Brett and I went with a few of his friends to Mt Macedon and dropped magic mushrooms, and we collected more to take home. We went back to Shark’s place, made the coffee too strong and ended up with mild strychnine poisoning. Our fingernails turned blue and I felt horribly stiff and cold.
Brett went outside in a psilocybin haze, staggering along a dirt road crying out loud that he was full of worms. I was pretty fine compared to him, so I followed him, trying to calm him down. He was out of control, writhing in tears on the side of the road and I felt like I’d reached the end of what I could do. I turned away and left him there.
I walked about five metres and looked around to see the headlights of a police car pull up in front of him. Surprised, I headed bush. I jumped a fence and ran into the night. It was very dark, and I was running across a paddock thru thin gum trees. I reached another fence and climbed over it, heading away from the house and the car, towards I didn’t know what.
As my eyes adjusted it got easier and I walked for a long way before I saw odd animal shapes looming out of the darkness of the trees. They were camels, three of them standing there watching me. I walked toward them but they didn’t move away, so I diverted around them and continued on until I saw headlights in the distance, moving along a dirt road.
I decided the best course was to follow the car, which led me after another hour’s walk to a main road, where I began heading back to Warrandyte.
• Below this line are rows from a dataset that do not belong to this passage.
Lemma eigenspace_mulmx_eigenproj m (V : 'M[R]_(m, n.+1)) s r :
  (V <= eigenspace A (theta s))%MS -> V *m E r = if r == s then V else 0.
Proof.
move=> Vs; have VA : V *m A = theta s *: V by apply/eigenspaceP.
case: eqP => [->|/eqP r_neq_s].
  have [_ [Eidem /andP[_ sE]]] := E_proj s.
  by have /submxP[D ->] := submx_trans Vs sE; rewrite -mulmxA Eidem.
have : (theta s - theta r) *: (V *m E r) = 0.
  by rewrite scalerBl scalemxAl -VA scalemxAr -mulmx_eigenproj mulmxA subrr.
move/eqP; rewrite scalemx_eq0 subr_eq0 => /orP[/eqP/theta_inj/eqP|/eqP//].
by rewrite eq_sym (negPf r_neq_s).
Qed.

Lemma sum_eigenproj : \sum_r E r = 1%:M.
Proof.
have /diagonalizablePeigen[rs _ rsE] := symmetric_diagonalizable symA.
suff : (1%:M <= kermx (\sum_r E r - 1%:M))%MS.
  by move/sub_kermxP; rewrite mul1mx => /eqP; rewrite subr_eq0 => /eqP.
rewrite -rsE; elim: rs {rsE} => [|t rs IH]; first by rewrite big_nil sub0mx.
rewrite big_cons addsmx_sub IH andbT; apply/sub_kermxP.
have [/theta_all[s <-]|not_ev] := boolP (eigenvalue A t); last first.
  by move: not_ev; rewrite /eigenvalue negbK => /eqP->; rewrite mul0mx.
rewrite mulmxBr mulmx1 mulmx_sumr.
under eq_bigr do rewrite (eigenspace_mulmx_eigenproj _ (submx_refl _)).
by rewrite -big_mkcond big_pred1_eq subrr.
Qed.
When I got to the house I was staying, Brett was waiting, completely straightened out and wondering where I’d disappeared too.
In the morning we drove back to Shark’s empty farm and two cars, full of blokes I’d never met before, pulled in behind us. They accused Brett of stealing a crop of marijuana, and threatened to throw a cigarette butt in my petrol tank. I told the guy to go ahead, he’d be the one with 3rd degree burns.
He didn’t do it and they left, making more empty threats.
When I got back to Hawthorn, 764 Glenferrie was different. Matthew had gone, no more milky tea. Years later, Frank told me I was never the same after that week in Warrandyte.
Frank and David and I were watching TV one night and our pot dealer from up the hill walked in with a couple of thugs. They bailed me up against a wall and jabbed me in the chest with a pencil until it broke in half, demanding to know where Brett was.
Apparently Brett and his mate had barged into the dealer’s house with a shotgun and stolen the guy’s entire stash. Brett told me later that the shotgun wasn’t loaded, but I dodged that bullet for years after that.
10th of December 1981: The graduate screenings happened at the State Film Centre, my heart pumping adrenalin, brain popping endorphins. Tim blew a trumpet as the film started. When it was all done and the curtain fell, Bruce Kerr, who’d led the charge to the door when I read my original idea, told me, “You created the most striking images up there.”
I hoped my parents got it, but I’m not sure.
We all went back to Dave Collier and Lucy MacLaren’s place in Camberwell. An American female friend of Mark’s squealed when she realized that I’d played Walter Logus in “The Man With No Cold Drinks”. She was very gushy and told me I should be an actor - I earned a few points, but basically felt very embarrassed. I went somewhere and smoked heavily.